-- TASK DATA follows --

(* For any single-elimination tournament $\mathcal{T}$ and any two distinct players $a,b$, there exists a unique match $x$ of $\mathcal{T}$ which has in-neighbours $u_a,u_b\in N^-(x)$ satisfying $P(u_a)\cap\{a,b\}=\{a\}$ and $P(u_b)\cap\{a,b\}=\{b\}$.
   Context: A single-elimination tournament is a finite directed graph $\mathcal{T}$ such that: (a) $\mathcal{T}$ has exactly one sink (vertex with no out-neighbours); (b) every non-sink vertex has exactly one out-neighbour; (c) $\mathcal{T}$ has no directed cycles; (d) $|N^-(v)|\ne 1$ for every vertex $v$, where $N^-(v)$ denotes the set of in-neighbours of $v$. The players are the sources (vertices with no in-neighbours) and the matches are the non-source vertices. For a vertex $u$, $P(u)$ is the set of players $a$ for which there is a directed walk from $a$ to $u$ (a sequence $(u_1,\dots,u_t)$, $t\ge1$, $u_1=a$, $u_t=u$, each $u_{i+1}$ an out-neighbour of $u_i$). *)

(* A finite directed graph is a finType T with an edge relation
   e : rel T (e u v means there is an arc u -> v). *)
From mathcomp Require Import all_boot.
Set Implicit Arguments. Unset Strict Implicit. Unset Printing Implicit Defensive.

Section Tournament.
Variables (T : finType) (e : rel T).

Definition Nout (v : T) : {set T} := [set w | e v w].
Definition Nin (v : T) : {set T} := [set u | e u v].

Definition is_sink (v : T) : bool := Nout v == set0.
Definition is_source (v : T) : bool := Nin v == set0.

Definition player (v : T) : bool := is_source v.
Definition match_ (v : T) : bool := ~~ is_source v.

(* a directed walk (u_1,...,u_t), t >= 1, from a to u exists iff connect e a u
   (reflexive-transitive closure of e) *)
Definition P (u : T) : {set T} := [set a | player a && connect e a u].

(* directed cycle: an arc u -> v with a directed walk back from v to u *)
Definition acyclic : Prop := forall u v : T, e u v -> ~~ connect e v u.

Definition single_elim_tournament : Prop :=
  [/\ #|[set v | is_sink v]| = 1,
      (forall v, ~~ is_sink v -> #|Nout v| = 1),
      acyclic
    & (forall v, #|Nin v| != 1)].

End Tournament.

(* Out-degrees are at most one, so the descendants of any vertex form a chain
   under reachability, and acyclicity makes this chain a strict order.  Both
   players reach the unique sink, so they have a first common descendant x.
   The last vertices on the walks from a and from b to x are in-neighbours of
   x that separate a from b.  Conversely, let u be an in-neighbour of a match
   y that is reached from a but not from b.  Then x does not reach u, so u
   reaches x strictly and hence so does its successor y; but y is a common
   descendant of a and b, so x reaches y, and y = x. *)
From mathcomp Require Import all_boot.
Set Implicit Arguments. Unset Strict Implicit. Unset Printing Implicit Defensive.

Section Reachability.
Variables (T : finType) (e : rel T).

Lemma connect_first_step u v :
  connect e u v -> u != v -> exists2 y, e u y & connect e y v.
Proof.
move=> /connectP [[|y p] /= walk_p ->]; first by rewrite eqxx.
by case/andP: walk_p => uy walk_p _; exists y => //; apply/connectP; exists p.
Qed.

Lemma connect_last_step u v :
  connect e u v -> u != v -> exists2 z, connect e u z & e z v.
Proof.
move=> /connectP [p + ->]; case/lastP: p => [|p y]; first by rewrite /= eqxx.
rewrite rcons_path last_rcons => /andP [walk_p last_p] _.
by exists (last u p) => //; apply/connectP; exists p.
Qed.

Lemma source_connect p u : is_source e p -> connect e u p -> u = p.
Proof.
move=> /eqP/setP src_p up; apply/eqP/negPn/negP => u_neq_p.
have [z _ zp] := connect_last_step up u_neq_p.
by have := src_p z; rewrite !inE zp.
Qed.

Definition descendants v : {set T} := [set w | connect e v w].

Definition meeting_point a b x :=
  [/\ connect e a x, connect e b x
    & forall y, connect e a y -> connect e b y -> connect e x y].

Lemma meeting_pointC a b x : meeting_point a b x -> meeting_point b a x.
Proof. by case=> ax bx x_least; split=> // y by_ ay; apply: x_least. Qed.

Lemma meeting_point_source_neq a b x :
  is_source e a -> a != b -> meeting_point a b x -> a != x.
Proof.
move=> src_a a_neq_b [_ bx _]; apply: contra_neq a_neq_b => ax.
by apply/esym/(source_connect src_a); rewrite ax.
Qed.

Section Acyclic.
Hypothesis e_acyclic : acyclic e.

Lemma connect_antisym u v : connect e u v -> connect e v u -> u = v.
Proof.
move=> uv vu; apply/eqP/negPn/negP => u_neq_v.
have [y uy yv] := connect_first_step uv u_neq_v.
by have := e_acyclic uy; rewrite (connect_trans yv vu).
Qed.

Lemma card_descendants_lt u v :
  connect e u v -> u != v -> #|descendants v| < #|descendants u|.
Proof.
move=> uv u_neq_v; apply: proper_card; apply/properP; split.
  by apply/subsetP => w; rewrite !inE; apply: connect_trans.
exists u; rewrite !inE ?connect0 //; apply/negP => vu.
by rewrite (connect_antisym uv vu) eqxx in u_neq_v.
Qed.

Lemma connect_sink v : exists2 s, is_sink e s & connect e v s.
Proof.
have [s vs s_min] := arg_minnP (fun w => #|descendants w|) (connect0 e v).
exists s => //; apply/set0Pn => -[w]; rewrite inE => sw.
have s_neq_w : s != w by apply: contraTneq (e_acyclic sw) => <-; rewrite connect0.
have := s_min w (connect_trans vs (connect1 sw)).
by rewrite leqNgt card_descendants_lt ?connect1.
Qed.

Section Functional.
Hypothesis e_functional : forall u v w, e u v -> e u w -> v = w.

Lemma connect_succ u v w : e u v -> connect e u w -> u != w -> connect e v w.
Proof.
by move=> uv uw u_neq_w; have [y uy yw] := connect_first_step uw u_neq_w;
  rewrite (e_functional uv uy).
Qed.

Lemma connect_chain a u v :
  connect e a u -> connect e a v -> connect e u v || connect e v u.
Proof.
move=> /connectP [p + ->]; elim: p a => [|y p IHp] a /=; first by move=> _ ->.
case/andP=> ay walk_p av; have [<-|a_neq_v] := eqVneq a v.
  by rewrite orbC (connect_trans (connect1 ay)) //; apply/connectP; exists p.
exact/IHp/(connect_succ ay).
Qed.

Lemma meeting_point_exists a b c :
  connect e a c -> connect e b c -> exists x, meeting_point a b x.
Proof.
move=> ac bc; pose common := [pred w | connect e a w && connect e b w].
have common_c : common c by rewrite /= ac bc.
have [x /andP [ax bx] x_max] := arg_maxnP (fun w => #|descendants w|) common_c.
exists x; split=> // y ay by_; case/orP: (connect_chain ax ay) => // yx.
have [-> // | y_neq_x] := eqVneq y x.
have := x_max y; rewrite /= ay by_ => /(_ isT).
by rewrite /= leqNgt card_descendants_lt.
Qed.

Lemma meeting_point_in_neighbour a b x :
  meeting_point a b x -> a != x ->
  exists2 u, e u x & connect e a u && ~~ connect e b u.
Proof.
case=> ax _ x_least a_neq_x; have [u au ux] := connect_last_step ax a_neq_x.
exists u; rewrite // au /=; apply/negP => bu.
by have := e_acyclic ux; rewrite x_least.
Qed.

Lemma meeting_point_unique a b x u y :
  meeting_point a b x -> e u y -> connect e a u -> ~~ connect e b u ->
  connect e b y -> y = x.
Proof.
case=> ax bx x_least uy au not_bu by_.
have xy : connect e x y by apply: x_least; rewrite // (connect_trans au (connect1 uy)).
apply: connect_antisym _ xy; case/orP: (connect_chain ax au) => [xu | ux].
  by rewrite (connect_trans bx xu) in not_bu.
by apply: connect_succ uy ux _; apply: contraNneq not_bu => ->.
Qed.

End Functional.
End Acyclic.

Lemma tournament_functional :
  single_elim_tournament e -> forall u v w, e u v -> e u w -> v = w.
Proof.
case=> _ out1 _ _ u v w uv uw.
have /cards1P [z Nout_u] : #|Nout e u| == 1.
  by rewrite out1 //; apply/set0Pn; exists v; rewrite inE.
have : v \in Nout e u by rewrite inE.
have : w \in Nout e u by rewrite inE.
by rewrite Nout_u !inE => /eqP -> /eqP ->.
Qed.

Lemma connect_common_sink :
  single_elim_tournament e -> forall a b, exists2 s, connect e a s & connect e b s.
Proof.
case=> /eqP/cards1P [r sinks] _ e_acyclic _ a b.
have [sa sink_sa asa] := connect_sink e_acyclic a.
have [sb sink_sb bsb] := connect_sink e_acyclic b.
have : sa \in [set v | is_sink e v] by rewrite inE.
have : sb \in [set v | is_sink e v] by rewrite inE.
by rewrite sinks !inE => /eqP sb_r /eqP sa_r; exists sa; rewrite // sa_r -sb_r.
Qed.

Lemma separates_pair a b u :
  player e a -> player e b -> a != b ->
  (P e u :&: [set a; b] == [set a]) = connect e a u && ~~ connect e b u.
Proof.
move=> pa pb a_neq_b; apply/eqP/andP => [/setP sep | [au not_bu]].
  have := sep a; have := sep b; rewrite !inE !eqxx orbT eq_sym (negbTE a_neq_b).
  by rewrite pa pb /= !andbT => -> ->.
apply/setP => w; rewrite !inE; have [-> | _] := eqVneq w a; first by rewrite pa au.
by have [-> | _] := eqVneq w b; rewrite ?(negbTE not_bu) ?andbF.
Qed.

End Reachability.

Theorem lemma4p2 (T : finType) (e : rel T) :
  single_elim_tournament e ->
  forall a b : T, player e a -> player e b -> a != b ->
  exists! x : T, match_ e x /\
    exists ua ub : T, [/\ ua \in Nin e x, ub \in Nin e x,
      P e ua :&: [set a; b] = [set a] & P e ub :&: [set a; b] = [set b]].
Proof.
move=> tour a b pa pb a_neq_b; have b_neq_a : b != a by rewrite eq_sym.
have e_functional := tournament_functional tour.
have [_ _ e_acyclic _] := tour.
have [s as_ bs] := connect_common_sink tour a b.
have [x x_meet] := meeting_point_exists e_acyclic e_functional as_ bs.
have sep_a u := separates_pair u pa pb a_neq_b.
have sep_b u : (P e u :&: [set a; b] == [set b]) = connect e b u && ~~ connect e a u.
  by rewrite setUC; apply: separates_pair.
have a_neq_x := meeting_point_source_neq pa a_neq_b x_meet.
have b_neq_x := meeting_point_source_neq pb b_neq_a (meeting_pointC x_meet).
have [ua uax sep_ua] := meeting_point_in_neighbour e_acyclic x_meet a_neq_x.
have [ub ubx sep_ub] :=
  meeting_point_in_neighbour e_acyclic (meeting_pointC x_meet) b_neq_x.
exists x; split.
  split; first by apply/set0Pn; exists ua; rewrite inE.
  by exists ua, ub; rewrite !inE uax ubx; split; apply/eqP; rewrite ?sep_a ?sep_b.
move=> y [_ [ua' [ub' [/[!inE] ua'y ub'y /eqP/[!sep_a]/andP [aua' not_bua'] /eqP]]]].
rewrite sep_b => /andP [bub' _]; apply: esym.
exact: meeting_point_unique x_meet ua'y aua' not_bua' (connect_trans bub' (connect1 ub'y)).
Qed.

-- TASK DATA concluded --

→ **BRIEF**: Nothing but the exact lines of the data above, from the line containing "Theorem lemma4p2 (T" through the last, should appear in the answer.

→ **SOLUTION FOR THIS PROBLEM**:
Theorem lemma4p2 (T : finType) (e : rel T) :
  single_elim_tournament e ->
  forall a b : T, player e a -> player e b -> a != b ->
  exists! x : T, match_ e x /\
    exists ua ub : T, [/\ ua \in Nin e x, ub \in Nin e x,
      P e ua :&: [set a; b] = [set a] & P e ub :&: [set a; b] = [set b]].
Proof.
move=> tour a b pa pb a_neq_b; have b_neq_a : b != a by rewrite eq_sym.
have e_functional := tournament_functional tour.
have [_ _ e_acyclic _] := tour.
have [s as_ bs] := connect_common_sink tour a b.
have [x x_meet] := meeting_point_exists e_acyclic e_functional as_ bs.
have sep_a u := separates_pair u pa pb a_neq_b.
have sep_b u : (P e u :&: [set a; b] == [set b]) = connect e b u && ~~ connect e a u.
  by rewrite setUC; apply: separates_pair.
have a_neq_x := meeting_point_source_neq pa a_neq_b x_meet.
have b_neq_x := meeting_point_source_neq pb b_neq_a (meeting_pointC x_meet).
have [ua uax sep_ua] := meeting_point_in_neighbour e_acyclic x_meet a_neq_x.
have [ub ubx sep_ub] :=
  meeting_point_in_neighbour e_acyclic (meeting_pointC x_meet) b_neq_x.
exists x; split.
  split; first by apply/set0Pn; exists ua; rewrite inE.
  by exists ua, ub; rewrite !inE uax ubx; split; apply/eqP; rewrite ?sep_a ?sep_b.
move=> y [_ [ua' [ub' [/[!inE] ua'y ub'y /eqP/[!sep_a]/andP [aua' not_bua'] /eqP]]]].
rewrite sep_b => /andP [bub' _]; apply: esym.
exact: meeting_point_unique x_meet ua'y aua' not_bua' (connect_trans bub' (connect1 ub'y)).
Qed.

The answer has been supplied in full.